**THE TASK**: Every line in the entries that holds "pose" should be identified and copied.

**RECORDS PROVIDED**:
(* Hence the
      k-skeleton of a product only depends on the faces of dimension at most
      k of the factors and on their ranks ([skel_prod_transfer]).
   3. Factors: every nonempty vertex set of a simplex is an affinely
      independent face; any D+1 distinct points of the moment curve in R^D
      are affinely independent, and any at most D/2 of them form a face
      (cyclic polytopes are neighborly).  So C_{2k+2}(n+1) and Delta_n have
      the same faces with at most k+1 vertices, with the same ranks.
   4. The theorem: the k-skeleta of the product and of Delta_n coincide, its
      dimension follows from part 2, it is an affine image of Delta_n (hence
      a linear projection of Delta_n lifted to height 1), and the minimal
      dimensions exist by well-foundedness of nat. *)

Section Homogenization.
Variable R : rcfType.

Definition hrow m (v : 'rV[R]_m) : 'rV[R]_(1 + m) := row_mx (const_mx 1) v.

Lemma const_mx1 : const_mx 1 = 1%:M :> 'M[R]_1.
Proof. by apply/matrixP => i j; rewrite !mxE !ord1. Qed.

(* an affine functional, encoded as a column, evaluated at a point *)
Lemma hrow_mul m (v : 'rV[R]_m) (c : R) (w : 'cV[R]_m) :
  hrow v *m col_mx c%:M w = (c + (v *m w) 0 0)%:M.
Proof.
rewrite /hrow mul_row_col const_mx1 mul1mx; apply/matrixP => i j.
by rewrite !ord1 !mxE /= mulr1n.
Qed.

Lemma row_hmx (T : finType) m (V : T -> 'rV[R]_m) F i :
  row i (hmx V F) = if enum_val i \in F then hrow (V (enum_val i)) else 0.
Proof. by rewrite rowK. Qed.

Lemma row_rank_hmx (T : finType) m (V : T -> 'rV[R]_m) F x :
  row (enum_rank x) (hmx V F) = if x \in F then hrow (V x) else 0.
Proof. by rewrite row_hmx enum_rankK. Qed.

Lemma hrow_sub_hmx (T : finType) m (V : T -> 'rV[R]_m) (F : {set T}) x :
  x \in F -> (hrow (V x) <= hmx V F)%MS.
Proof.
by move=> xF; apply: (eq_row_sub (enum_rank x)); rewrite row_rank_hmx xF.
Qed.

Lemma hmx_set0 (T : finType) m (V : T -> 'rV[R]_m) : hmx V set0 = 0.
Proof. by apply/row_matrixP => i; rewrite row_hmx inE row0. Qed.

Definition hmx_index (T : finType) (F : {set T}) (j : 'I_#|F|) : 'I_#|T| :=
  enum_rank (enum_val j).

Lemma hmx_sub_rowsub (T : finType) m (V : T -> 'rV[R]_m) (F : {set T}) :
  (hmx V F <= rowsub (@hmx_index T F) (hmx V F))%MS.
Proof.
apply/row_subP => i; rewrite row_hmx; case: ifP => iF; last exact: sub0mx.
apply: (eq_row_sub (enum_rank_in iF (enum_val i))).
by rewrite row_rowsub /hmx_index enum_rankK_in // row_rank_hmx iF.
Qed.

Lemma rank_hmx_le_card (T : finType) m (V : T -> 'rV[R]_m) (F : {set T}) :
  (\rank (hmx V F) <= #|F|)%N.
Proof. exact: leq_trans (mxrankS (hmx_sub_rowsub V F)) (rank_leq_row _). Qed.

Lemma rank_hmx_subset (T : finType) m (V : T -> 'rV[R]_m) (F G : {set T}) :
  F \subset G -> (\rank (hmx V F) <= \rank (hmx V G))%N.
Proof.
move=> FG; apply: mxrankS; apply/row_subP => i; rewrite row_hmx.
case: ifP => iF; last exact: sub0mx.
exact: hrow_sub_hmx (subsetP FG _ iF).
Qed.

Lemma rank_hmx_dual (T : finType) m (V : T -> 'rV[R]_m) (G : {set T})
  (fs : T -> 'cV[R]_(1 + m)) :
  (forall g h, g \in G -> h \in G -> hrow (V h) *m fs g = (g == h)%:R%:M) ->
  \rank (hmx V G) = #|G|.
Proof.
move=> dual; apply/eqP; rewrite eqn_leq rank_hmx_le_card /=.
pose B : 'M[R]_(1 + m, #|G|) := \matrix_(a, j) fs (enum_val j) a 0.
have rowsubB : rowsub (@hmx_index T G) (hmx V G) *m B = 1%:M.
  apply/row_matrixP => j.
  rewrite row_mul row_rowsub /hmx_index row_rank_hmx enum_valP.
  apply/rowP => j'; rewrite !mxE.
  have := dual (enum_val j') (enum_val j) (enum_valP j') (enum_valP j).
  move/matrixP/(_ 0 0); rewrite !mxE /= mulr1n (inj_eq enum_val_inj) eq_sym => <-.
  by apply: eq_bigr => a _; rewrite !mxE.
have := mxrankM_maxl (rowsub (@hmx_index T G) (hmx V G)) B.
rewrite rowsubB mxrank1 => /leq_trans; apply.
exact: mxrankS (rowsub_sub _ _).
Qed.

Definition diffmx (T : finType) m (V : T -> 'rV[R]_m) (F : {set T}) b :
  'M[R]_(#|T|, m) :=
  \matrix_(i < #|T|) (if enum_val i \in F then V (enum_val i) - V b else 0).

Lemma rank_hmx_diffmx (T : finType) m (V : T -> 'rV[R]_m) (F : {set T}) b :
  b \in F -> \rank (hmx V F) = (1 + \rank (diffmx V F b))%N.
Proof.
move=> bF.
pose Blk := block_mx (1%:M : 'M[R]_1) (V b) 0 (diffmx V F b).
have hmxE : (hmx V F :=: Blk)%MS.
  apply/eqmxP/andP; split.
    apply/row_subP => i; rewrite row_hmx; case: ifP => iF; last exact: sub0mx.
    have -> : hrow (V (enum_val i)) =
              row_mx 1%:M (V b) + row_mx 0 (V (enum_val i) - V b).
      by rewrite add_row_mx addr0 addrC subrK /hrow const_mx1.
    apply: addmx_sub.
      apply: (eq_row_sub (lshift _ 0)); rewrite /Blk block_mxEv rowKu row_row_mx.
      by congr row_mx; apply/matrixP => i' j; rewrite !mxE !ord1.
    apply: (eq_row_sub (rshift _ i)).
    by rewrite /Blk block_mxEv rowKd row_row_mx row0 rowK iF.
  rewrite /Blk block_mxEv col_mx_sub; apply/andP; split.
    by rewrite -const_mx1; exact: hrow_sub_hmx bF.
  apply/row_subP => i; rewrite row_row_mx row0 rowK; case: ifP => iF.
    have -> : row_mx 0 (V (enum_val i) - V b) =
              hrow (V (enum_val i)) - hrow (V b).
      by rewrite /hrow opp_row_mx add_row_mx subrr.
    by apply: addmx_sub; rewrite ?(eqmx_opp _) hrow_sub_hmx.
  by rewrite row_mx0 sub0mx.
rewrite hmxE.
pose U := block_mx (1%:M : 'M[R]_1) (- V b) 0 (1%:M : 'M[R]_m).
have Uu : U \in unitmx by rewrite unitmxE det_ublock !det1 mulr1 unitr1.
rewrite -(mxrankMfree Blk (_ : row_free U)) ?row_free_unit //.
rewrite /Blk /U mulmx_block !mulmx0 !mul1mx !mulmx1 !addr0 mul0mx add0r.
by rewrite addrC subrr rank_diag_block_mx mxrank1.
Qed.

End Homogenization.

Section Maximizers.
Variable R : rcfType.

Definition maximizers (U : finType) (f : U -> R) : {set U} :=
  [set t | [forall s, f s <= f t]].

Lemma maximizersE (U : finType) (f : U -> R) (G : {set U}) :
  G != set0 ->
  (forall g h, g \in G -> h \in G -> f h = f g) ->
  (forall g h, g \in G -> h \notin G -> f h < f g) -> maximizers f = G.
Proof.
case/set0Pn => g0 g0G fG fGc; apply/setP => x; rewrite inE.
case: (boolP (x \in G)) => xG.
  apply/forallP => y; case: (boolP (y \in G)) => yG; first by rewrite (fG x y).
  exact: ltW (fGc _ _ xG yG).
by apply/negbTE/negP => /forallP/(_ g0); rewrite leNgt fGc.
Qed.

End Maximizers.

Section Product.
Variable R : rcfType.
Variable r : nat.
Variable T : 'I_r -> finType.
Variable e : 'I_r -> nat.
Variable Q : forall i, T i -> 'rV[R]_(e i).

Local Notation X := {dffun forall i, T i}.
Local Notation P := (@prod_pts R r T e Q).

Definition factor_emb i : 'M[R]_(e i, \sum_j e j) :=
  \mxrow_j (if i == j then conform_mx (0 : 'M[R]_(e i, e j)) (1%:M : 'M[R]_(e i))
       else (0 : 'M[R]_(e i, e j))).

Lemma mxrow_factor_emb (w : forall i, 'rV[R]_(e i)) :
  \mxrow_j w j = \sum_i w i *m factor_emb i.
Proof.
rewrite /factor_emb; transitivity (\mxrow_j (\sum_i w i *m
   (if i == j then conform_mx (0 : 'M[R]_(e i, e j)) (1%:M : 'M[R]_(e i))
       else (0 : 'M[R]_(e i, e j))))).
  apply: eq_mxrow => j.
  rewrite (bigD1 j) //= eqxx conform_mx_id mulmx1 big1 ?addr0 // => i /negbTE ->.
  by rewrite mulmx0.
by rewrite mxrow_sum; apply: eq_bigr => i _; rewrite mul_mxrow.
Qed.
Theorem well_oriented_trace_bounds (A B : mat) : inSL2Z A -> inSL2Z B ->
  2 <= \tr (rmat A) -> 2 < \tr (rmat B) -> well_oriented A B ->
  let r := \tr ((rmat A - 1%:M) *m (rmat B - 1%:M)) in
  0 < r /\ 4 * (\tr (rmat A) - 2) * (\tr (rmat B) - 2) <= r ^+ 2.
Proof.
move=> dA dB trA trB [[[x [y [attrx [attry _]]]] [x' [y' [repx' [repy' _]]]]] not_coh] r.
have [m By m_gt1] := attr_eigen dB trB attry.
have [m' By' m'_range] := rep_eigen dB trB repy'.
have rE : r = \tr (rmat A *m rmat B) - \tr (rmat A) - \tr (rmat B) + 2 by rewrite /r mxtrace_mulB1.
move: trA; rewrite le_eqVlt => /orP[/eqP trA2 | trA].
  have pA : parabolic A by apply/parabolic_rmat.
  have := parabolic_trace_lt dA dB pA not_coh attrx By By' m_gt1 m'_range.
  by rewrite rE -trA2 subrr mulr0 mul0r sqr_ge0; split=> //; lra.
have [l Ax l_gt1] := attr_eigen dA trA attrx.
have [l' Ax' l'_range] := rep_eigen dA trA repx'.
have le_z := hyperbolic_eigen_trace_le dA dB not_coh attrx repx'
  Ax Ax' l_gt1 l'_range By By' m_gt1 m'_range.
have l_neq : l != l' by rewrite gt_eqF // (lt_trans _ l_gt1) //; case/andP: l'_range.
have m_neq : m != m' by rewrite gt_eqF // (lt_trans _ m_gt1) //; case/andP: m'_range.
have [sA pA] := eigen_sum_prod (hvec_neq0 x) (hvec_neq0 x') Ax Ax' l_neq.
have [sB pB] := eigen_sum_prod (hvec_neq0 y) (hvec_neq0 y') By By' m_neq.
by rewrite rE -sA -sB; apply: trace_bounds_of_eigenvalues; rewrite ?pA ?pB ?det_rmat1.
Qed.

Lemma b_in_non_power (w : word) : ~ (exists n : nat, w = nseq n la) -> lb \in w.
Proof.
move=> not_pow; apply/negPn/negP => b_notin; apply: not_pow; exists (size w).
by elim: w b_notin => [|[] w IH] //=; rewrite inE negb_or => /andP[_ /IH <-].
Qed.

Theorem lemma5p2 (A B : mat) :
  inSL2Z A -> inSL2Z B -> A *m B <> B *m A ->
  well_oriented A B ->
  2 <= \tr A -> \tr A < \tr B ->
  forall w u : word,
    (trw A B w < trw A B u <-> trw A B w <= trw A B u - 1) /\
    (subword u w ->
       ~ (parabolic A /\ exists n : nat, w = nseq n la) ->
       trw A B u < trw A B w).
Proof.
move=> dA dB _ wo trA trAB w u; split; first by lia.
case=> sub neq not_par_pow.
have trA' : 2 <= \tr (rmat A) by rewrite mxtrace_rmat -[2]/((2 : int)%:~R) ler_int.
have trB' : 2 < \tr (rmat B) by rewrite mxtrace_rmat -[2]/((2 : int)%:~R) ltr_int; lia.
have [r_gt0 disc] := well_oriented_trace_bounds dA dB trA' trB' wo.
rewrite -(ltr_int R) !trw_rmat.
apply: (sl2_mxtrace_wmx_subseq_lt (det_rmat1 dA) (det_rmat1 dB) trA' trB' r_gt0 disc _ sub neq).
have [/parabolic_rmat pA | trA_neq2] := eqVneq (\tr (rmat A)) 2.
  by right; apply: b_in_non_power => pow; apply: not_par_pow.
by left; rewrite lt_neqAle eq_sym trA_neq2.
Qed.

**ANSWER BELOW**:
pose B : 'M[R]_(1 + m, #|G|) := \matrix_(a, j) fs (enum_val j) a 0.
pose Blk := block_mx (1%:M : 'M[R]_1) (V b) 0 (diffmx V F b).
pose U := block_mx (1%:M : 'M[R]_1) (- V b) 0 (1%:M : 'M[R]_m).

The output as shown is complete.